Abstract

The optimal radial build and the system parameters of a tokamak fusion system with a normal aspect ratio were found utilizing a tokamak systems analysis coupled with the neutron transport calculation. The optimum build was determined by the requirements on the shielding, the tritium breeding, and the magnetic flux density at the toroidal field (TF) coil. It was shown that for the given fusion power, a thick outboard blanket with a thin inboard blanket allowed for smaller system size. The case with a smaller aspect ratio allowed for a smaller major radius, R0 and a smaller system size than the case with a larger aspect ratio.
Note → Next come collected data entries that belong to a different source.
(* Let $A$ be a dilation, $X$ a concave ball quasi-Banach function space, $q\in[1,\infty)$, $d\in\mathbb Z_+$ and $s\in(0,1]$. Then $\mathcal L^A_{X,q,d,s}(\mathbb R^n)=\mathcal L^A_{X,q,d}(\mathbb R^n)$ with equivalent quasi-norms.
   Context: A real $n\times n$ matrix $A$ is a dilation if all its eigenvalues have modulus $>1$. Let $b:=|\det A|$. Fix an open ellipsoid $\Delta$ symmetric about the origin with $|\Delta|=1$ and $r>1$ with $\Delta\subset r\Delta\subset A\Delta$; put $B_k:=A^k\Delta$ ($k\in\mathbb Z$) and $\mathcal B:=\{x+B_k:x\in\mathbb R^n,k\in\mathbb Z\}$. Let $\mathscr M(\mathbb R^n)$ be the set of measurable functions. A quasi-normed linear space $X\subset\mathscr M(\mathbb R^n)$ whose quasi-norm is defined on all of $\mathscr M(\mathbb R^n)$ is a ball quasi-Banach function space if: (i) $\|f\|_X=0\Rightarrow f=0$ a.e.; (ii) $|g|\le|f|$ a.e. $\Rightarrow\|g\|_X\le\|f\|_X$; (iii) $0\le f_m\uparrow f$ a.e. $\Rightarrow\|f_m\|_X\uparrow\|f\|_X$; (iv) $\mathbf 1_B\in X$ for all $B\in\mathcal B$. $X$ is concave if there is $C>0$ such that $\sum_{k\in\mathbb N}\|f_k\|_X\le C\|\sum_{k\in\mathbb N}|f_k|\|_X$ for all $\{f_k\}\subset\mathscr M(\mathbb R^n)$. $\mathcal P_d$ denotes polynomials of degree $\le d$; $P^d_Bg$ is the unique $P\in\mathcal P_d$ with $\int_B(g-P)h=0$ for all $h\in\mathcal P_d$. $\mathcal L^A_{X,q,d,s}(\mathbb R^n)$ is the set of $f\in L^q_{\mathrm{loc}}$ with $$\|f\|_{\mathcal L^A_{X,q,d,s}}:=\sup\left\|\left\{\sum_{i=1}^m\left[\frac{\lambda_i}{\|\mathbf 1_{B^{(i)}}\|_X}\right]^s\mathbf 1_{B^{(i)}}\right\}^{1/s}\right\|_X^{-1}\sum_{j=1}^m\frac{\lambda_j|B^{(j)}|}{\|\mathbf 1_{B^{(j)}}\|_X}\left[\frac1{|B^{(j)}|}\int_{B^{(j)}}|f-P^d_{B^{(j)}}f|^q\right]^{1/q}<\infty$$ (sup over $m\in\mathbb N$, $B^{(j)}\in\mathcal B$, $\lambda_j\ge0$ with $\sum_j\lambda_j\neq0$). $\mathcal L^A_{X,q,d}(\mathbb R^n)$ is the set of $f\in L^q_{\mathrm{loc}}$ with $\|f\|_{\mathcal L^A_{X,q,d}}:=\sup_{B\in\mathcal B}\frac{|B|}{\|\mathbf 1_B\|_X}\left[\frac1{|B|}\int_B|f-P^d_Bf|^q\right]^{1/q}<\infty$. Elements are identified modulo $\mathcal P_d$. *)

From HB Require Import structures.
From mathcomp Require Import all_boot all_order all_algebra.
From mathcomp Require Import all_classical all_reals all_analysis.
From mathcomp Require Import complex.

Set Implicit Arguments.
Unset Strict Implicit.
Unset Printing Implicit Defensive.

Import Order.TTheory GRing.Theory Num.Theory.
Import numFieldNormedType.Exports.
Local Open Scope classical_set_scope.
Local Open Scope ring_scope.

Section Defs.
Variable R : realType.
Variable n : nat.

(* Points of R^n are n-tuples of reals; n.-tuple R carries the library's
   product (= Borel) sigma-algebra. *)
Notation pt := (n.-tuple R).

Definition tadd (x y : pt) : pt := [tuple tnth x i + tnth y i | i < n].
Definition tscale (c : R) (x : pt) : pt := [tuple c * tnth x i | i < n].
Definition mxact (M : 'M[R]_n) (x : pt) : pt :=
  [tuple \sum_(j < n) M i j * tnth x j | i < n].

Definition dilation (A : 'M[R]_n) : Prop :=
  forall l : R[i], eigenvalue (map_mx (fun x : R => (x%:C)%C) A) l -> 1 < `|l|.

Definition sym_open_ellipsoid (D : set pt) : Prop :=
  exists M : 'M[R]_n, \det M != 0 /\
    D = [set x | \sum_(i < n) (tnth (mxact M x) i) ^+ 2 < 1].

Definition image_by (f : pt -> pt) (E : set pt) : set pt := [set f y | y in E].

(* B_k = A^k Delta, k in Z (for k < 0 written as a preimage under A^{-k}) *)
Definition Bk (A : 'M[R]_n) (D : set pt) (k : int) : set pt :=
  match k with
  | Posz m => image_by (iter m (mxact A)) D
  | Negz m => [set x | D (iter m.+1 (mxact A) x)]
  end.
Lemma count_pairs_one i o p : o p = true -> p < i ->
  count_pairs i (fun a b => ((a =? p) || (b =? p)) && o a && o b) = count_below i o - 1.
Proof.
  intros Hp. induction i; [lia|]. intros Hpi. simpl.
  destruct (Nat.eqb_spec i p) as [->|Hip].
  - rewrite (count_pairs_ext p _ (fun _ _ => false && false)), count_pairs_both, count_below_false.
    + rewrite (count_below_ext p (fun a => ((a =? p) || true) && o a && o p) o)
        by (intros; rewrite orb_true_r, Hp, andb_true_r; reflexivity).
      rewrite count_below_S, Hp. simpl. lia.
    + intros a b Hab. destruct (Nat.eqb_spec a p), (Nat.eqb_spec b p); simpl; auto; lia.
  - rewrite IHi by lia.
    rewrite (count_below_ext i (fun a => ((a =? p) || false) && o a && o i) (fun a => (a =? p) && o i)).
    2:{ intros a Ha. rewrite orb_false_r.
        destruct (Nat.eqb_spec a p) as [->|]; simpl; auto. rewrite Hp. auto. }
    rewrite count_below_eqb, count_below_S.
    pose proof (count_below_pos i o p ltac:(lia) Hp).
    destruct (Nat.ltb_spec p i); [|lia]. destruct (o i); simpl; lia.
Qed.

Lemma choices_S i :
  choices (S i) = choices i ++ flat_map (fun a => [(a, i, true); (a, i, false)]) (seq 0 i).
Proof. unfold choices. rewrite seq_S, flat_map_app. simpl. rewrite app_nil_r. reflexivity. Qed.

Lemma length_filter_choices (H : step -> bool) i :
  (forall a b, H (a, b, true) = H (a, b, false)) ->
  length (filter H (choices i)) = 2 * count_pairs i (fun a b => H (a, b, true)).
Proof.
  intros Hx. induction i; simpl; auto.
  rewrite choices_S, filter_app, length_app, IHi. unfold count_below.
  enough (length (filter H (flat_map (fun a => [(a, i, true); (a, i, false)]) (seq 0 i)))
          = 2 * length (filter (fun a => H (a, i, true)) (seq 0 i))) by lia.
  induction (seq 0 i) as [|a l IHl]; simpl; auto.
  rewrite <- Hx. destruct (H (a, i, true)); simpl; lia.
Qed.

Definition compatible_pairs (L K : nat) (U : nat -> bool) (i : nat) : nat :=
  if i <=? L then choose2 i else if U i then i - K else choose2 (i - K).

(* The factor 2 is the direction bit, which no event considered here depends on. *)
Fixpoint compatible_outcomes (L K : nat) (U : nat -> bool) (i : nat) : nat :=
  match i with
  | 0 => 1
  | S i' => match i' with 0 => 1 | _ => 2 * compatible_pairs L K U i * compatible_outcomes L K U i' end
  end.

Lemma compatible_outcomes_ext L K U1 U2 i : (forall m, U1 m = U2 m) ->
  compatible_outcomes L K U1 i = compatible_outcomes L K U2 i.
Proof.
  intros H. induction i as [|[|i] IH]; auto.
  simpl in *. rewrite IH. unfold compatible_pairs. rewrite H. reflexivity.
Qed.

Definition tracked_stages (ps : list (nat * (nat -> bool))) (m : nat) : bool :=
  existsb (fun e => snd e m) ps.

(* Below the cut the tracked trees may already have merged, so distinct positions are
   only required above it. *)
Definition admissible (L i : nat) (ps : list (nat * (nat -> bool))) : Prop :=
  (L < i -> NoDup (map fst ps)) /\ (forall e, In e ps -> fst e < i) /\
  (forall e, In e ps -> forall m, m <= L -> snd e m = false) /\
  (forall e1 e2, In e1 ps -> In e2 ps -> forall m, snd e1 m = true -> snd e2 m = true -> fst e1 = fst e2).

Lemma stage_ok_below L i ps a b : i <= L -> (forall e, In e ps -> forall m, m <= L -> snd e m = false) ->
  stage_ok L i ps a b = true.
Proof.
  intros Hi HL. apply forallb_forall. intros e He.
  rewrite HL by auto. destruct (Nat.ltb_spec L i); [lia|]. rewrite andb_false_r. reflexivity.
Qed.

Lemma stage_ok_untracked L i ps a b : L < i -> (forall e, In e ps -> snd e i = false) ->
  stage_ok L i ps a b = avoids (map fst ps) a && avoids (map fst ps) b.
Proof.
  intros Hi. unfold stage_ok. destruct (Nat.ltb_spec L i); [|lia].
  induction ps as [|e ps IH]; intros Hnone; simpl; auto.
  rewrite IH by (intros; apply Hnone; simpl; auto). rewrite Hnone by (simpl; auto).
  unfold avoids, hits. simpl. rewrite (Nat.eqb_sym a (fst e)), (Nat.eqb_sym b (fst e)).
  destruct (fst e =? a), (fst e =? b), (existsb (Nat.eqb a) (map fst ps)),
    (existsb (Nat.eqb b) (map fst ps));
    reflexivity.
Qed.

Lemma count_stage_ok_untracked L i ps : L < i -> NoDup (map fst ps) -> (forall e, In e ps -> fst e < i) ->
  (forall e, In e ps -> snd e i = false) ->
  count_pairs i (stage_ok L i ps) = choose2 (i - length ps).
Proof.
  intros Hi HN Hlt Hnone.
  rewrite (count_pairs_ext _ _ (fun a b => avoids (map fst ps) a && avoids (map fst ps) b))
    by (intros; apply stage_ok_untracked; auto).
  rewrite count_pairs_both, count_below_avoids, length_map; auto.
  intros y Hy. apply in_map_iff in Hy as [e [<- He]]. auto.
Qed.

Lemma count_stage_ok_tracked L i ps1 e0 ps2 : L < i -> NoDup (map fst (ps1 ++ e0 :: ps2)) ->
  (forall e, In e (ps1 ++ e0 :: ps2) -> fst e < i) -> snd e0 i = true ->
  (forall e, In e (ps1 ++ ps2) -> snd e i = false) ->
  count_pairs i (stage_ok L i (ps1 ++ e0 :: ps2)) = i - length (ps1 ++ e0 :: ps2).
Proof.
  intros Hi HN Hlt He0 Hothers.
  set (P := map fst (ps1 ++ ps2)).
  rewrite map_app in HN. simpl in HN.
  assert (HNP : NoDup P) by (unfold P; rewrite map_app; eapply NoDup_remove_1; eauto).
  assert (He0P : avoids P (fst e0) = true).
  { unfold avoids. apply negb_true_iff, not_true_iff_false. intros E.
    apply existsb_exists in E as [y [Hy Ey]]. apply Nat.eqb_eq in Ey as <-.
    apply NoDup_remove_2 in HN. apply HN. rewrite <- map_app. auto. }
  rewrite (count_pairs_ext _ _ (fun a b => ((a =? fst e0) || (b =? fst e0)) && avoids P a && avoids P b)).
  - rewrite count_pairs_one, count_below_avoids; auto.
    + unfold P. rewrite !length_app, length_map, length_app. simpl. lia.
    + intros y Hy. unfold P in Hy. apply in_map_iff in Hy as [e [<- He]].
      apply Hlt. apply in_app_or in He as [?|?]; apply in_or_app; simpl; auto.
    + apply Hlt, in_or_app; simpl; auto.
  - intros a b _. unfold stage_ok. rewrite forallb_app. simpl.
    fold (stage_ok L i ps1 a b) (stage_ok L i ps2 a b).
    rewrite !stage_ok_untracked by (auto; intros; apply Hothers, in_or_app; auto).
    rewrite He0. destruct (Nat.ltb_spec L i); [|lia].
    unfold P. rewrite map_app, !avoids_app. unfold hits.
    rewrite (Nat.eqb_sym (fst e0) a), (Nat.eqb_sym (fst e0) b).
    destruct (avoids (map fst ps1) a), (avoids (map fst ps1) b), (avoids (map fst ps2) a),
      (avoids (map fst ps2) b), (a =? fst e0), (b =? fst e0); reflexivity.
Qed.
Lemma l1norm_le_entry_bound M c :
  (forall i j, `|M i j| <= c) -> l1norm M <= (p * q)%:R * c.
Proof.
move=> Mc; apply: le_trans (ler_sum _ (fun i _ => ler_sum _ (fun j _ => Mc i j))) _.
under eq_bigr do rewrite sumr_const card_ord.
by rewrite sumr_const card_ord -mulrnA mulnC mulr_natl.
Qed.

Lemma l1norm_le_fro M : l1norm M <= (p * q)%:R * fro M.
Proof. exact/l1norm_le_entry_bound/fro_entry. Qed.

End EntrywiseNorms.

Lemma l1norm_mul (R : realType) (p q s : nat) (M : 'M[R]_(p, q)) (N : 'M[R]_(q, s)) :
  l1norm (M *m N) <= l1norm M * l1norm N.
Proof.
have -> : l1norm M * l1norm N = \sum_i \sum_k `|M i k| * l1norm N.
  by rewrite mulr_suml; apply: eq_bigr => i _; rewrite mulr_suml.
apply: ler_sum => i _; rewrite /l1norm.
apply: le_trans (_ : _ <= \sum_j \sum_k `|M i k| * `|N k j|) _.
  apply: ler_sum => j _; rewrite mxE; apply: le_trans (ler_norm_sum _ _ _) _.
  by apply: ler_sum => k _; rewrite normrM.
rewrite exchange_big; apply: ler_sum => k _; rewrite -mulr_sumr.
apply: ler_wpM2l => //; rewrite [leRHS](bigD1 k) //= lerDl.
by apply: sumr_ge0 => l _; apply: sumr_ge0.
Qed.

Lemma l1norm_mul3 (R : realType) (p q s t : nat) (A : 'M[R]_(p, q)) (M : 'M[R]_(q, s))
    (B : 'M[R]_(s, t)) :
  l1norm (A *m M *m B) <= l1norm A * l1norm M * l1norm B.
Proof.
apply: le_trans (l1norm_mul _ _) _; apply: ler_wpM2r; first exact: l1norm_ge0.
exact: l1norm_mul.
Qed.

Lemma l1norm_tr (R : realType) (p q : nat) (M : 'M[R]_(p, q)) : l1norm M^T = l1norm M.
Proof.
by rewrite /l1norm exchange_big; apply: eq_bigr => i _; apply: eq_bigr => j _; rewrite mxE.
Qed.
With a confinement enhancement factor, H = 1.3, Q >30 was possible for a fusion power larger than 2200 MW for the case with the aspect ratio, A = 3.0; however, Q > 30 was impossible for the case with A = 4.0. The tritium breeding capabilities of the five blanket concepts to be tested as test blanket modules (TBMs) in the International Thermonuclear Experimental Reactor (ITER) were evaluated by varying the blanket thickness and the lithium-6 (Li-6) enrichment. A helium-cooled solid breeder (HCSB) concept showed the best tritium breeding capability while the shielding effect of Pb was noticeable for a helium-cooled lithium lead (HCLL) concept.